Pre- and Post-Repair Scanning: Scan Tools for Collision Repair

Pre- and Post-Repair Scanning: Scan Tools Collision Repair

Scanning has become a necessary step to determine whether all the sophisticated electronics and safety features in today’s high-tech vehicles are functioning properly — before and after the repair.

How do you know which is the right scan tool for your shop?

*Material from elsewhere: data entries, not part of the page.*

Lemma ip_lim_eq u l w c N : hcvg_to ip u l ->
  (forall m, (N <= m)%N -> ip (u m) w = c) -> ip l w = c.
Proof.
move=> u_l uw; apply/eqP; rewrite -subr_eq0; apply/eqP/sqmod_eq0/eqP.
rewrite eq_le sqmod_ge0 andbT; apply/ler_addgt0Pr => e e_gt0; rewrite add0r.
pose K := hnorm2 ip w + 1.
have K_gt0 : 0 < K by rewrite ltr_wpDl // hnorm2_ge0.
have d_gt0 : 0 < Num.sqrt (e / K) by rewrite sqrtr_gt0 divr_gt0.
have [M hM] := u_l _ d_gt0.
have {hM} := hM (maxn N M) (leq_maxr _ _).
rewrite (hnormB_sym ip_inner) -(ltr_pXn2r (n := 2)) ?nnegrE ?hnorm_ge0 ?sqrtr_ge0 //.
rewrite (hnorm_sqr ip_inner) sqr_sqrtr; last by rewrite divr_ge0 // ltW.
rewrite ltr_pdivlMr // => small.
rewrite -(uw (maxn N M) (leq_maxl _ _)) -(ipBl ip_inner).
apply: le_trans (sqmod_ip_le ip_inner _ _) _.
apply: le_trans (ltW small).
by rewrite /K mulrDr mulr1 lerDl hnorm2_ge0.
Qed.

End NormAndLimits.

Definition orthonormal_upto (R : realType) (V : lmodType R[i]) (ip : V -> V -> R[i])
    (f : nat -> V) (n : nat) :=
  forall i j, (i < n)%N -> (j < n)%N -> ip (f i) (f j) = (i == j)%:R.

Definition expand (R : realType) (V : lmodType R[i]) (f : nat -> V) (m : nat)
    (a : nat -> R[i]) : V :=
  \sum_(k < m) a k *: f k.

Definition coef (R : realType) (V : lmodType R[i]) (ip : V -> V -> R[i])
    (f : nat -> V) (x : V) (k : nat) : R[i] :=
  ip x (f k).

Section FiniteOrthonormal.
Variables (R : realType) (V : lmodType R[i]) (ip : V -> V -> R[i]).
Hypothesis ip_inner : is_inner_product ip.
Variables (f : nat -> V) (n : nat).
Hypothesis f_on : orthonormal_upto ip f n.
Implicit Types (a : nat -> R[i]) (x : V).

Lemma ip_expandl m a x : ip (expand f m a) x = \sum_(k < m) a k * ip (f k) x.
Proof. by rewrite /expand (ip_suml ip_inner); apply: eq_bigr => k _; rewrite (ipZl ip_inner). Qed.

Lemma ip_expandr m a x : ip x (expand f m a) = \sum_(k < m) (a k)^* * ip x (f k).
Proof. by rewrite /expand (ip_sumr ip_inner); apply: eq_bigr => k _; rewrite (ipZr ip_inner). Qed.
(* Let $(X,\Sigma)$ be a measurable space and $p$ a transition function on it with associated operator $A$ on $ba(X,\Sigma)$. Suppose $A$ has a finitely additive cycle of measures $K=\{\mu_1,\dots,\mu_m\}\subset S_{ba}$ (of any period $m$) whose mean measure $\mu=\frac1m\sum_{i=1}^m\mu_i$ is the only invariant finitely additive probability measure of $A$, i.e. $\Delta_{ba}=\{\mu\}$. Then the cycle $K$ (all $\mu_i$) and its mean measure $\mu$ are countably additive.
   Context: $X$ is an arbitrary infinite set and $\Sigma$ a $\sigma$-algebra of subsets of $X$ containing all one-point sets. $ba(X,\Sigma)$ denotes the space of bounded finitely additive real-valued measures on $\Sigma$, $S_{ba}=\{\mu\in ba(X,\Sigma):\mu\ge0,\ \mu(X)=1\}$, and $\Delta_{ba}=\{\mu\in S_{ba}:A\mu=\mu\}$. A transition function is a map $p(x,E)$ with $0\le p(x,E)\le1$, $p(x,X)=1$, $p(\cdot,E)$ bounded $\Sigma$-measurable for every $E\in\Sigma$, and $p(x,\cdot)$ countably additive for every $x\in X$. The Markov operator is $A\mu(E)=\int_X p(x,E)\,\mu(dx)$. A cycle of measures of $A$ is a finite numbered set $\{\mu_1,\dots,\mu_m\}$ of pairwise different positive finitely additive measures with $A\mu_i=\mu_{i+1}$ ($1\le i\le m-1$), $A\mu_m=\mu_1$. *)

From HB Require Import structures.
From mathcomp Require Import all_boot all_order all_algebra.
From mathcomp Require Import all_classical all_reals all_analysis.
Set Implicit Arguments. Unset Strict Implicit. Unset Printing Implicit Defensive.
Import Order.TTheory GRing.Theory Num.Theory.
Import numFieldNormedType.Exports.
Local Open Scope classical_set_scope.
Local Open Scope ring_scope.

(* Finitely additive (set) functions on the sigma-algebra [measurable] of X.
   A finitely additive measure is represented by a function mu : set X -> R;
   only its values on measurable sets matter. *)
Section FADefs.
Context {d : measure_display} {X : measurableType d} {R : realType}.

(* mu belongs to S_ba: positive, finitely additive, mu(X) = 1
   (boundedness follows: 0 <= mu E <= 1). *)
Definition fa_prob (mu : set X -> R) : Prop :=
  [/\ forall E, measurable E -> 0 <= mu E,
      mu setT = 1 &
      forall E F, measurable E -> measurable F -> E `&` F = set0 ->
        mu (E `|` F) = mu E + mu F].

Definition meq (mu nu : set X -> R) : Prop :=
  forall E, measurable E -> mu E = nu E.

Definition countably_additive (mu : set X -> R) : Prop :=
  forall F : nat -> set X, (forall n, measurable (F n)) -> trivIset setT F ->
    (fun n => \sum_(i < n) mu (F i)) @ \oo --> mu (\bigcup_n F n).

Definition transition_function (p : X -> set X -> R) : Prop :=
  [/\ forall x E, measurable E -> 0 <= p x E <= 1,
      forall x, p x setT = 1,
      forall E, measurable E -> measurable_fun setT (fun x => p x E) &
      forall x, countably_additive (p x)].

Definition lower_simple_sums (mu : set X -> R) (f : X -> R) : set R :=
  [set r | exists n (a : 'I_n -> R) (E : 'I_n -> set X),
     [/\ forall i, measurable (E i),
         forall i j, i != j -> E i `&` E j = set0,
         forall x, \sum_(i < n) a i * \1_(E i) x <= f x &
         r = \sum_(i < n) a i * mu (E i)]].

(* integral of a bounded measurable function w.r.t. a positive finitely
   additive measure (Dunford-Schwartz integral) *)
Definition fa_integral (mu : set X -> R) (f : X -> R) : R :=
  sup (lower_simple_sums mu f).

Definition markov_op (p : X -> set X -> R) (mu : set X -> R) : set X -> R :=
  fun E => fa_integral mu (fun x => p x E).

Definition mean_measure (m : nat) (mu : nat -> set X -> R) : set X -> R :=
  fun E => m%:R^-1 * \sum_(i < m) mu i E.

End FADefs.

From HB Require Import structures.
From mathcomp Require Import all_boot all_order all_algebra.
From mathcomp Require Import all_classical all_reals all_analysis.
From mathcomp Require Import lra.
Import Order.TTheory GRing.Theory Num.Theory.
Import numFieldNormedType.Exports.
Local Open Scope classical_set_scope.
Local Open Scope ring_scope.

(* The Cesaro averages lam n of the orbit A^k p(x0, .) satisfy
   |A lam n - lam n| <= 1/(n+1) setwise, so every ultrafilter limit of (lam n)
   is an invariant finitely additive probability, hence equals the mean mu of
   the cycle: lam n converges to mu setwise.  Each lam n is countably additive,
   since p(x, .) is and A preserves continuity along decreasing sequences of
   sets with empty intersection.  A gliding hump argument shows that a setwise
   limit of such measures is again countably additive, so mu is; finally
   mu_i <= m mu. *)

Lemma eq_of_dist_le_divn {R : realType} (x y c : R) :
  (forall N : nat, (0 < N)%N -> `|x - y| <= c / N%:R) -> x = y.
Proof.
move=> le_xy; apply/eqP; rewrite -subr_eq0 -normr_le0; apply/ler_addgt0Pr => e e0.
have c0 : 0 <= c by have := le_xy 1%N isT; rewrite divr1; apply: le_trans.
pose N := (Num.truncn (c / e)).+1.
apply: le_trans (le_xy N isT) _; rewrite add0r ler_pdivrMr ?ltr0n //.
by rewrite mulrC -ler_pdivrMr // ltW // truncnS_gt.
Qed.

Section FiniteAdditivity.
Context {d : measure_display} {X : measurableType d} {R : realType}.
Lemma ball_form_conj n (X Y : 'I_2 -> 'M[C]_n) x y :
  ball_form (fun j => conjmx_entry (X j)) (fun j => - conjmx_entry (Y j)) x y =
  (ball_form X Y (conjmx_entry x) (fun j => conjmx_entry (y j)))^*.
Proof.
rewrite /ball_form rmorphB rmorphD !rmorph_sum /= !sqnorm_conjmx; congr (_ + _ - _).
  by apply: eq_bigr => j _; rewrite sqnorm_conjmx.
apply: eq_bigr => j _; rewrite !(sformDm, sformNm, sformZm) !sform_conjmx.
by rewrite !(rmorphD, rmorphB, rmorphN, rmorphM) /= conjCi; ring.
Qed.

Lemma row_ball_conj n (X Y : 'I_2 -> 'M[C]_n) :
  row_ball X Y ->
  row_ball (fun j => conjmx_entry (X j)) (fun j => - conjmx_entry (Y j)).
Proof.
move=> [HX HY P]; split=> [j|j|x y]; last by rewrite ball_form_conj conjC_ge0.
- by rewrite /hermitian adjmx_conjmx (HX j).
- by rewrite /hermitian adjmxN adjmx_conjmx (HY j).
Qed.

Lemma row_ball_conj_closed : fs_conj_closed (spectrahedrop row_ball_pencil).
Proof.
move=> n X /row_ball_spectrahedropP [Y /row_ball_conj RB].
by apply/row_ball_spectrahedropP; exists (fun j => - conjmx_entry (Y j)).
Qed.

(* Real and imaginary parts of the dilation [[T_j, 0], [z_j^*, 0]] of T_j. *)
Definition dilate_re n (X : 'I_2 -> 'M[C]_n) (z : 'I_2 -> 'cV[C]_n) :
    'I_2 -> 'M[C]_(n + 1) :=
  fun j => block_mx (X j) (2^-1 *: z j) (2^-1 *: adjmx (z j)) 0.

Definition dilate_im n (Y : 'I_2 -> 'M[C]_n) (z : 'I_2 -> 'cV[C]_n) :
    'I_2 -> 'M[C]_(n + 1) :=
  fun j => block_mx (Y j) (('i / 2) *: z j) (- ('i / 2) *: adjmx (z j)) 0.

Adapted from Josh Cable’s article in BodyShop Business, a TechShop sister publication


When several OEMs issued position statements on pre- and post-repair diagnostic scanning in 2016, it made an impression on John Mosley, owner of Clinton Body Shop in Clinton and Richland, Mississippi. Mosley said he invested around $17,000 in scan tools and equipment after Fiat Chrysler, GM, Honda, Nissan and Toyota declared that scanning collision-damaged vehicles is a critical element of a proper repair.

“You should repair the car as closely as you possibly can to the OEM repair recommendations,” Mosley explained. “Knowing that almost every manufacturer is recommending scans now, I don’t see how a shop can think that they’ve repaired the car properly if they haven’t scanned it.”

But how do you know which is the right scan tool for your shop? Each tool company provides information in a different layout depending on the type of automotive service they offer. Tools can provide scan reports for average service shops, advanced mechanic shops and/or collision repair shops that require insurance approval before the project begins.

It’s important to do your research before choosing the scan tool that will best fit your repair facility’s needs. You may want to talk to other local shop owners about what works for them, or ask your tool distributor for a loaner tool (or two). Smart shop owners will research to find an affordable scan tool that will fill all their shop needs, then purchase two (or more depending on the number of technicians at the shop) and keep them in the bays for easy access by their technicians.

Nothing New

Scanning is nothing new to automotive repair facilities, which have been dealing with OBD II since 1996. Although the initial intent of onboard diagnostics was to identify malfunctions in emission-related systems and components, the role of diagnostic scanning has broadened over the years. On the mechanical repair side, plugging into the OBD II port has become a standard diagnostic practice. On the collision repair side, scanning has become a necessary step to determine whether all the sophisticated electronics and safety features in today’s high-tech vehicles are functioning properly — before and after the repair.

Vehicles have more technology and electrical components than ever before. A pre- and post-repair scan informs the technician of any trouble codes present, even in cases where there are no MILs on the dash.

Mosley’s shops follow a simple rule of thumb: “Anything that’s hit hard, we’re doing a pre- and post-repair scan.” For vehicles that come in with light damage, his shops will conduct post-repair scans at the very least, according to Mosley.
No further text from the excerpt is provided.